I am going through divorce and 6 months in, how do you get through holidays the first year. My 19yr old son signed up to join the army this week and tells me he will be gone by December. I thought my kids would spend thanksgiving with their dad and christmas with me. Everything will be different, the thought that my oldest will not be here is so overwhelming. Yes I have relied on him through this awful period in my life, I am not going to lie. I feel he is trying to make sense of the terrible truth that his dad is not who he thought he was. While I am trying to support him I don't know how deal with his absence. I have 2 other kids who look up to their brother, his 18yr old brother will be lost without him. He said he wanted to join so that the people with kids would not have to go. It's going to be difficult with all the changes, any ideas.


----------



## Poppy (Mar 14, 2012)

Hi. I am so proud of you. Your son sounds like a fine young, principaled man...a reflection of your wonderful parenting as his mother. Try not to think of it as getting through the holidays, but as a new start, a new normal and a better experience without your H in it. Decorate your house like never before. Get friends over for drinks. Let your kids have friends over...fill your life and home with people. You are so strong and your joy of living will shine and reflect on your kids. Smile...put body glitter on your tits secretly..something stupid to keep you in the festive spirit.
You and your kids deserve happiness and I know you will miss your eldest son terribly, but he needs to do this and you need to let him go, metaphorically speaking, to grow as a man and find himself. 
Your holidays will be better than ever, but you need to make that happen. Show yourself how great you are.


----------



## sham1024 (Apr 30, 2012)

your post made me cry poppy, I will miss him so much, I still do all the british traditions with christmas crackers, turkey, funny hats, pudding, midnight mass getting drunk, Will do the body glitter, its my favourite holiday, so I do get homesick but my kids always made it fun. He has grown up and taken on so much since this happened, I hope I can make him proud.


----------



## Clothed-In-Strength (Sep 7, 2012)

Sham,

I find myself thinking about the holidays a lot lately. I'm 6 months in as well and have a 9 yr old D. Splitting the holidays is going to be extremely hard for me. The thought of not having my D with me every minute during the holidays depresses me so much. I've been trying to think of ways I can make it feel extra special for us and love Poppy's ideas. 

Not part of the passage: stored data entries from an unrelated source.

Lemma psum_between_multiples n m h v a b :
  (1 < n)%N -> (1 < h)%N -> is_vertex n m v ->
  (a.*2 + h <= m.+2)%N -> (m.+2 + h <= b.*2)%N -> (b <= m.+2)%N ->
  (n%:Z %| psum v a)%Z -> psum v b = psum v a ->
  (forall q, (a < q < b)%N -> ~~ (n%:Z %| psum v q)%Z) ->
  exists K K', [/\ (n%:Z %| K)%Z, (n%:Z %| K')%Z &
    forall q, (1 <= q <= m.+1)%N -> `|psum v q - K| + `|psum v q - K'| <= weight n h m q].
Proof.
move=> n_gt1 h_gt1 vertex_v le_a le_b le_b_m dvd_a psum_b avoid.
have [sg sg_unit start] :=
  first_step_sign n_gt1 vertex_v (a:=a) ltac:(lia) dvd_a (avoid a.+1 ltac:(lia)).
set K := psum v a in dvd_a psum_b start.
have step q : (a < q)%N -> (q.+1 < b)%N -> `|psum v q.+1 - psum v q| <= 1.
  move=> lt_aq lt_qb.
  by have := psum_lipschitz vertex_v (x:=q) (y:=q.+1) ltac:(lia) ltac:(lia); rewrite subSnn.
have inside := walk_between_multiples sg_unit dvd_a avoid step start.
exists K, (K + sg * n%:Z); split=> //; first by apply: rpredD => //; apply: dvdz_mull.
move=> q q_range.
suff dev : `|psum v q - K| + `|psum v q - (K + sg * n%:Z)| <= n%:Z + 2 * ((a - q) + (q - b))%N%:Z.
  by apply: le_trans dev _; rewrite /weight; lia.
case: (ltnP q a) => [lt_qa | le_aq].
  have := psum_lipschitz vertex_v (x:=q) (y:=a) ltac:(lia) ltac:(lia).
  by rewrite -/K; case: sg_unit => ->; lia.
case: (ltnP b q) => [lt_bq | le_qb].
  have := psum_lipschitz vertex_v (x:=b) (y:=q) ltac:(lia) ltac:(lia).
  by rewrite psum_b; case: sg_unit => ->; lia.
have [-> | ne_qa] := eqVneq q a; first by case: sg_unit => ->; lia.
have [-> | ne_qb] := eqVneq q b; first by rewrite psum_b; case: sg_unit => ->; lia.
by have := inside q ltac:(lia); case: sg_unit => ->; lia.
Qed.
(* Once all [r i] equal the involution [a], the relation
   [r i * r i.+1 * s i t = s i.+1 t * r i * r i.+1] makes [s i t] independent
   of [i]; the generators [a] and [s 1 t] then commute because [s 1 t = s 3 t]
   and [a = r 3] are far from index 1. *)
Lemma UW_abelian_of_const (gT : finGroupType) m c (r : nat -> gT) s :
  (3 <= m)%N -> UW_rels m.+1 c r s -> (forall i, (1 <= i <= m)%N -> r i = r 1%N) ->
  abelian <<UW_gens m.+1 c r s>>.
Proof.
move=> m3 [_ [_ [inv [comm_ss [comm_sr [mixed _]]]]]] rE; set a := r 1%N.
have a2 : a * a = 1 by apply: inv; lia.
have sE i t : (1 <= i <= m)%N -> (1 <= t <= c)%N -> s i t = s 1%N t.
  elim: i => [|i IH] iM tc; first lia.
  case: i IH iM => [|i] IH iM //; rewrite -IH; try lia.
  have := mixed i.+1 t; rewrite !rE -/a; try lia.
  by rewrite a2 mul1g -mulgA a2 mulg1 => e; rewrite e //; lia.
have gensP x : x \in UW_gens m.+1 c r s ->
    x = a \/ exists2 t, (1 <= t <= c)%N & x = s 1%N t.
  case/setUP => /imsetP [[i ilt] /=].
    by rewrite inE /= => i0 ->; left; apply: rE; lia.
  case: i ilt => [i ilt] [t tlt]; rewrite inE /= => /andP [i0 t0] ->.
  by right; exists t; rewrite ?sE //; lia.
have as1 t : (1 <= t <= c)%N -> commute a (s 1%N t).
  have r3 : r 3 = a by apply: rE; lia.
  by move=> tc; rewrite -r3; symmetry; apply: comm_sr; rewrite ?/far; lia.
have ss1 t l : (1 <= t <= c)%N -> (1 <= l <= c)%N -> commute (s 1%N t) (s 1%N l).
  move=> tc lc; have s3 : s 3 l = s 1%N l by apply: sE; lia.
  by rewrite -s3; apply: comm_ss; rewrite ?/far; lia.
rewrite abelian_gen; apply/centsP => x /gensP [-> | [t tc ->]] y /gensP [-> | [l lc ->]].
- exact: commute_refl.
- exact: as1.
- exact/commute_sym/as1.
- exact: ss1.
Qed.
(* Fix $\mu \in \mathcal{X}$ and let $P_X$ be a probability distribution on $\mathcal{X}$ with $P_X(\{ \mu \}) = 0$. Let $(\mu_n)$ be a sequence in $\mathcal{X}$ with $d(\mu_n, \mu) \to 0$. Then $D(\mu_n; P_X) \to D(\mu; P_X)$ as $n \to \infty$.
   Context: $(\mathcal{X}, d)$ is a complete separable metric space with its Borel $\sigma$-algebra. Define $h: \mathcal{X}^3 \to \mathbb{R}$ by $h(x_1, x_2, x_3) := \mathbb{I}( x_3 \notin \{x_1, x_2\} ) \dfrac{ d^2(x_1, x_3) + d^2(x_2, x_3) - d^2(x_1, x_2) }{d(x_1, x_3)\, d(x_2, x_3) }$, where $h := 0$ when $x_3 \in \{x_1,x_2\}$. The metric spatial depth of $\mu \in \mathcal{X}$ with respect to a probability distribution $P_X$ on $\mathcal{X}$ is $D(\mu; P_X) := 1 - \frac{1}{2} \mathrm{E} \{ h(X_1, X_2, \mu) \}$, where $X_1, X_2 \sim P_X$ are independent. *)

From HB Require Import structures.
From mathcomp Require Import all_boot all_order all_algebra.
From mathcomp Require Import all_classical all_reals all_analysis.
Set Implicit Arguments. Unset Strict Implicit. Unset Printing Implicit Defensive.
Import Order.TTheory GRing.Theory Num.Theory.
Import numFieldNormedType.Exports.
Local Open Scope classical_set_scope.
Local Open Scope ring_scope.

Definition is_metric {R : realType} {T : Type} (d : T -> T -> R) : Prop :=
  [/\ forall x y, 0 <= d x y,
      forall x y, d x y = 0 <-> x = y,
      forall x y, d x y = d y x &
      forall x y z, d x z <= d x y + d y z].

Definition metric_complete {R : realType} {T : Type} (d : T -> T -> R) : Prop :=
  forall u : nat -> T,
    (forall e : R, 0 < e -> exists N : nat, forall m n : nat,
        (N <= m)%N -> (N <= n)%N -> d (u m) (u n) < e) ->
    exists l : T, (fun n => d (u n) l) @ \oo --> (0 : R).

Definition metric_separable {R : realType} {T : Type} (d : T -> T -> R) : Prop :=
  exists s : nat -> T, forall (x : T) (e : R), 0 < e -> exists n, d x (s n) < e.

Definition metric_open {R : realType} {T : Type} (d : T -> T -> R) (A : set T) : Prop :=
  forall x, A x -> exists e : R, 0 < e /\ forall y, d x y < e -> A y.

Definition borel_of {R : realType} {dT : measure_display} {T : measurableType dT}
  (d : T -> T -> R) : Prop :=
  (@measurable dT T) = <<s metric_open d >>.

Definition msd_h {R : realType} {T : Type} (d : T -> T -> R) (x1 x2 x3 : T) : R :=
  if pselect (x3 = x1 \/ x3 = x2) then 0
  else ((d x1 x3) ^+ 2 + (d x2 x3) ^+ 2 - (d x1 x2) ^+ 2) / (d x1 x3 * d x2 x3).

(* Metric spatial depth D(mu; P) = 1 - 1/2 E[h(X1, X2, mu)],
   X1, X2 iid ~ P, i.e. the expectation is w.r.t. the product measure P x P. *)
Definition msdepth {R : realType} {dT : measure_display} {T : measurableType dT}
  (d : T -> T -> R) (P : probability T R) (mu : T) : \bar R :=
  (1%:E - (2^-1)%:E * \int[(P \x P)%E]_z (msd_h d z.1 z.2 mu)%:E)%E.

From HB Require Import structures.
From mathcomp Require Import all_boot all_order all_algebra.
From mathcomp Require Import all_classical all_reals all_analysis.
From mathcomp Require Import lra measurable_realfun.
Import Order.TTheory GRing.Theory Num.Theory.
Import numFieldNormedType.Exports.
Local Open Scope classical_set_scope.
Local Open Scope ring_scope.
Set Implicit Arguments. Unset Strict Implicit.

(* The proof is an application of dominated convergence to the kernel
   h(x1, x2, .) under the product measure P x P:
   - h is bounded: |h| <= 2 everywhere, since by the triangle inequality
     |d(x1,x3)^2 + d(x2,x3)^2 - d(x1,x2)^2| <= 2 d(x1,x3) d(x2,x3);
   - h(x1, x2, mu_n) --> h(x1, x2, mu) whenever x1 <> mu and x2 <> mu, because
     h is then a rational expression in distances with non-vanishing
     denominator, and distances depend continuously on their arguments;
   - the exceptional set {x1 = mu} u {x2 = mu} is (P x P)-null as P{mu} = 0;
   - h(., ., m) is measurable for the Borel sigma-algebra: distances to a
     point are measurable because balls are open, and the distance on pairs
     is measurable thanks to separability: {d(x, y) < r} is a countable
     union of products of balls around the points of a dense sequence. *)

Section Kernel.
Variables (R : realType) (T : Type) (d : T -> T -> R) (hd : is_metric d).

(* The indicator in the definition of h is superfluous: when x3 is x1 or x2
   the denominator vanishes, and division by zero yields zero. *)
Lemma msd_hE x y z : msd_h d x y z =
  ((d x z) ^+ 2 + (d y z) ^+ 2 - (d x y) ^+ 2) / (d x z * d y z).
Proof.
have [_ d_eq0 _ _] := hd.
rewrite /msd_h; case: pselect => [[] e|//] /=; rewrite e.
  by rewrite (proj2 (d_eq0 x x)) // mul0r invr0 mulr0.
by rewrite (proj2 (d_eq0 y y)) // mulr0 invr0 mulr0.
Qed.

Lemma msd_h_bound x y z : `|msd_h d x y z| <= 2.
Proof.
rewrite msd_hE; have [d_ge0 _ dC d_tri] := hd.
set a := d x z; set b := d y z; set c := d x y.
have a0 : 0 <= a by apply: d_ge0.
have b0 : 0 <= b by apply: d_ge0.
have c_le : c <= a + b by rewrite /c /a /b (dC y z); apply: d_tri.
have a_le : a <= c + b by apply: d_tri.
have b_le : b <= c + a by rewrite /c /a /b (dC x y); apply: d_tri.
have [->|ab0] := eqVneq (a * b) 0; first by rewrite invr0 mulr0 normr0.
have ab_gt0 : 0 < a * b by rewrite lt0r ab0 mulr_ge0.
rewrite normrM normfV (gtr0_norm ab_gt0) ler_pdivrMr //.
by rewrite ler_norml; apply/andP; split; nra.
Qed.

Variables (mu : T) (mu_ : nat -> T).
Hypothesis hmu : (fun n => d (mu_ n) mu) @ \oo --> (0 : R).

Lemma dist_cvg x : (fun n => d x (mu_ n)) @ \oo --> d x mu.
Proof.
have [_ _ dC d_tri] := hd.
apply: (@squeeze_cvgr _ _ _ _ (fun n => d x mu - d (mu_ n) mu)
  (fun n => d x mu + d (mu_ n) mu)).
- apply: nearW => n; apply/andP; split.
    by have := d_tri x (mu_ n) mu; lra.
  by have := d_tri x mu (mu_ n); rewrite (dC mu (mu_ n)); lra.
- by rewrite -[X in _ --> X]subr0; apply: cvgB => //; exact: cvg_cst.
- by rewrite -[X in _ --> X]addr0; apply: cvgD => //; exact: cvg_cst.
Qed.

Lemma msd_h_cvg x y : x <> mu -> y <> mu ->
  (fun n => msd_h d x y (mu_ n)) @ \oo --> msd_h d x y mu.
Proof.
move=> xmu ymu; have [_ d_eq0 _ _] := hd.
rewrite msd_hE; under eq_fun do rewrite msd_hE.
have dx := @dist_cvg x; have dy := @dist_cvg y.
apply: cvgM.
  apply: cvgB; last exact: cvg_cst.
  by rewrite !expr2; apply: cvgD; apply: cvgM.
apply: cvgV; last exact: cvgM.
by rewrite mulf_neq0 //; apply/eqP => /d_eq0.
Qed.
End Kernel.

Lemma measurable_fun_sublevels (R : realType) dT' (T' : measurableType dT')
  (f : T' -> R) :
  (forall r, measurable [set x | f x < r]) -> measurable_fun setT f.
Proof.
move=> f_lt; apply: (measurability _ (RGenInftyO.measurableE R)) => //.
move=> _ [_ [r ->] <-]; rewrite setTI.
suff -> : f @^-1` `]-oo, r[ = [set x | f x < r] by [].
by apply/seteqP; split => x /=; rewrite in_itv.
Qed.

Lemma measurable_sublevel (R : realType) dT' (T' : measurableType dT')
  (f : T' -> R) r :
  measurable_fun setT f -> measurable [set x | f x < r].
Proof.
move=> mf; have := mf measurableT _ (measurable_itv `]-oo, r[).
by rewrite setTI; congr measurable; apply/seteqP; split => x /=; rewrite in_itv.
Qed.

(* The total inverse x |-> x^-1 (with 0^-1 = 0) is Borel measurable:
   it is continuous off the closed set {0}. *)
Lemma measurable_inv (R : realType) : measurable_fun setT (@GRing.inv R).
Proof.
rewrite -(setvU [set 0 : R]).
apply/measurable_funU => //; first exact: measurableC.
split; last exact: measurable_fun_set1.
apply: open_continuous_measurable_fun.
  exact/closed_openC/accessible_closed_set1/hausdorff_accessible/Rhausdorff.
by move=> x; rewrite inE /= => /eqP x0; apply: inv_continuous.
Qed.

Section Measurability.
Variables (R : realType) (dT : measure_display) (T : measurableType dT)
  (d : T -> T -> R) (hd : is_metric d) (hsep : metric_separable d)
  (hborel : borel_of d).

Lemma measurable_ball m r : measurable [set x | d x m < r].
Proof.
have -> : @measurable _ T = _ := hborel.
apply: sub_sigma_algebra => x /= xr.
exists (r - d x m); split; first by rewrite subr_gt0.
have [_ _ dC d_tri] := hd.
by move=> y xy; have := d_tri y x m; rewrite (dC y x); lra.
Qed.

Lemma measurable_dist_to m : measurable_fun setT (fun x => d x m).
Proof. by apply: measurable_fun_sublevels => r; exact: measurable_ball. Qed.

(* {d(x, y) < r} is the countable union over the dense sequence s of the
   sets {d(x, s n) + d(y, s n) < r}. *)
Lemma measurable_dist : measurable_fun setT (fun z : T * T => d z.1 z.2).
Proof.
have [s s_dense] := hsep; have [_ _ dC d_tri] := hd.
apply: measurable_fun_sublevels => r.
have -> : [set z : T * T | d z.1 z.2 < r] =
    \bigcup_n [set z : T * T | d z.1 (s n) + d z.2 (s n) < r].
  apply/seteqP; split => [z /= zr|z [n _ /=]].
    have e_gt0 : 0 < (r - d z.1 z.2) / 2 by rewrite divr_gt0 // subr_gt0.
    have [n hn] := s_dense z.2 _ e_gt0.
    by exists n => //=; have := d_tri z.1 z.2 (s n); lra.
  by have := d_tri z.1 (s n) z.2; rewrite (dC (s n) z.2); lra.
apply: bigcupT_measurable => n; apply: measurable_sublevel.
apply: measurable_funD.
  exact: measurableT_comp (measurable_dist_to _) measurable_fst.
exact: measurableT_comp (measurable_dist_to _) measurable_snd.
Qed.

(* Points are Borel sets: {m} = {x | d(x, m) = 0}. *)
Lemma measurable_point (m : T) : measurable [set m].
Proof.
have := measurable_dist_to m measurableT (measurable_set1 (0 : R)).
have [_ d_eq0 _ _] := hd.
rewrite setTI; congr measurable; apply/seteqP; split => y /=.
  exact: (proj1 (d_eq0 y m)).
by move=> ->; apply/(d_eq0 m m).
Qed.

Lemma measurable_msd_h m :
  measurable_fun setT (fun z : T * T => msd_h d z.1 z.2 m).
Proof.
rewrite (_ : (fun z : T * T => _) = fun z =>
   (d z.1 m ^+ 2 + d z.2 m ^+ 2 - d z.1 z.2 ^+ 2) * (d z.1 m * d z.2 m)^-1).
  2: by apply/funext => z; rewrite msd_hE.
have m1 : measurable_fun setT (fun z : T * T => d z.1 m).
  exact: measurableT_comp (measurable_dist_to _) measurable_fst.
have m2 : measurable_fun setT (fun z : T * T => d z.2 m).
  exact: measurableT_comp (measurable_dist_to _) measurable_snd.
apply: measurable_funM.
  apply: measurable_funB; last exact: measurable_funX measurable_dist.
  by apply: measurable_funD; exact: measurable_funX.
by apply: measurableT_comp (@measurable_inv R) _; exact: measurable_funM.
Qed.
End Measurability.

Definition hits {T : Type} (m : T) : set (T * T) :=
  [set m] `*` [set: T] `|` [set: T] `*` [set m].

Lemma product_hits_null (R : realType) dT (T : measurableType dT)
  (P : probability T R) (m : T) :
  measurable [set m] -> P [set m] = 0%E -> (P \x P)%E (hits m) = 0%E.
Proof.
move=> mm Pm; apply: null_set_setU; try exact: measurableX.
- transitivity (P [set m] * P setT)%E; first exact: product_measure1E.
  by rewrite Pm mul0e.
- transitivity (P setT * P [set m])%E; first exact: product_measure1E.
  by rewrite Pm mule0.
Qed.

Section Expectation.
Variables (R : realType) (dT : measure_display) (T : measurableType dT)
  (d : T -> T -> R) (hd : is_metric d) (hsep : metric_separable d)
  (hborel : borel_of d) (P : probability T R).

Let measurable_msd_hE m :
  measurable_fun setT (fun z : T * T => (msd_h d z.1 z.2 m)%:E).
Proof. by apply/measurable_EFinP; exact: measurable_msd_h. Qed.

Let integrable_bound : (P \x P)%E.-integrable setT (EFin \o cst (2 : R)).
Proof.
exact: (finite_measure_integrable_cst (P \x P : probability _ R)%E 2 measurableT).
Qed.

(* h(X1, X2, m) is integrable, so the depth D(m; P) is a real number. *)
Lemma integrable_msd_h m :
  (P \x P)%E.-integrable setT (fun z : T * T => (msd_h d z.1 z.2 m)%:E).
Proof.
apply: (le_integrable measurableT (measurable_msd_hE m)) integrable_bound.
move=> z _; rewrite /= lee_fin [`|2|]ger0_norm //; exact: msd_h_bound.
Qed.

Variables (mu : T) (mu_ : nat -> T).
Hypotheses (hP : P [set mu] = 0%E)
  (hmu : (fun n => d (mu_ n) mu) @ \oo --> (0 : R)).

Lemma expectation_msd_h_cvg :
  ((fun n => \int[P \x P]_z (msd_h d z.1 z.2 (mu_ n))%:E) @ \oo -->
    \int[P \x P]_z (msd_h d z.1 z.2 mu)%:E)%E.
Proof.
have m_mu := measurable_point hd hborel mu.
have pointwise : {ae (P \x P)%E, forall z, setT z ->
    (fun n => (msd_h d z.1 z.2 (mu_ n))%:E) @ \oo --> (msd_h d z.1 z.2 mu)%:E}.
  exists (hits mu); split.
  - by apply: measurableU; apply: measurableX.
  - exact: product_hits_null m_mu hP.
  - move=> z /= not_cvg; apply: contrapT => z_off; apply: not_cvg => _.
    apply/cvg_EFin; first exact: nearW.
    by apply: (msd_h_cvg hd hmu) => z_mu; apply: z_off;
      rewrite /hits -z_mu; [left|right].
have dominated : {ae (P \x P)%E, forall z n, setT z ->
    (`|(msd_h d z.1 z.2 (mu_ n))%:E| <= (EFin \o cst 2%R) z)%E}.
  by apply: nearW => z n _; rewrite lee_fin; exact: msd_h_bound.
by have [_ _] := dominated_convergence measurableT
  (fun n => measurable_msd_hE (mu_ n)) (measurable_msd_hE mu)
  pointwise integrable_bound dominated.
Qed.
End Expectation.

Unset Implicit Arguments. Set Strict Implicit.

Theorem theorem6 (R : realType) (dT : measure_display) (T : measurableType dT)
  (d : T -> T -> R)
  (hd : is_metric d) (hcomp : metric_complete d) (hsep : metric_separable d)
  (hborel : borel_of d)
  (P : probability T R) (mu : T) (hP : P [set mu] = 0%E)
  (mu_ : nat -> T) (hmu : (fun n => d (mu_ n) mu) @ \oo --> (0 : R)) :
  (fun n => msdepth d P (mu_ n)) @ \oo --> msdepth d P mu.
Proof.
have fin_expectation := integrable_fin_num measurableT
  (integrable_msd_h hd hsep hborel P mu).
rewrite /msdepth; apply: cvgeB.
- by rewrite fin_num_adde_defr // fin_numN fin_numM.
- exact: cvg_cst.
- exact/cvgeZl/(expectation_msd_h_cvg hd hsep hborel hP hmu).
Qed.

Let's make it happen!! I refuse to let my H's selfishness bring me down during the holidays.


----------



## Pluto2 (Aug 17, 2011)

Sham,
We'll be separated for seven months at Christmas and I, like you am dredding it. We have 2 girls, still in school, and the idea that I would miss part of their joy just kills. I love Poppy's idea of filling the house with people and over-decorating. I'm going to start planning now! You should too.To have raised such an honorable young man must bring you endless joy. Congrats!


----------



## specialplace (Aug 18, 2012)

How are you splitting the time with your kids over the holidays? I have only been separated for two months, but my husband fights with me over everything. I don't see how we are going to agree on the holidays and that is another reason why I am dreading them


----------



## sham1024 (Apr 30, 2012)

my kids are 16 18 and 19, so not kids anymore. I asked them what they wanted to do. They decided, they know I love christmas so I guess it was a no brainer. Their dad will see them for part of the day as we live near each other. I just think it will be sad for me, but will do the best I can.


----------



## my_peace (Oct 22, 2012)

Sham 1024,
I wanted to thank you for your beautiful message to me, I deleted my thread right before your message came in so cannot reply in another way. I am wishing peace and positive change will come for you sooner than you think.
my_peace


----------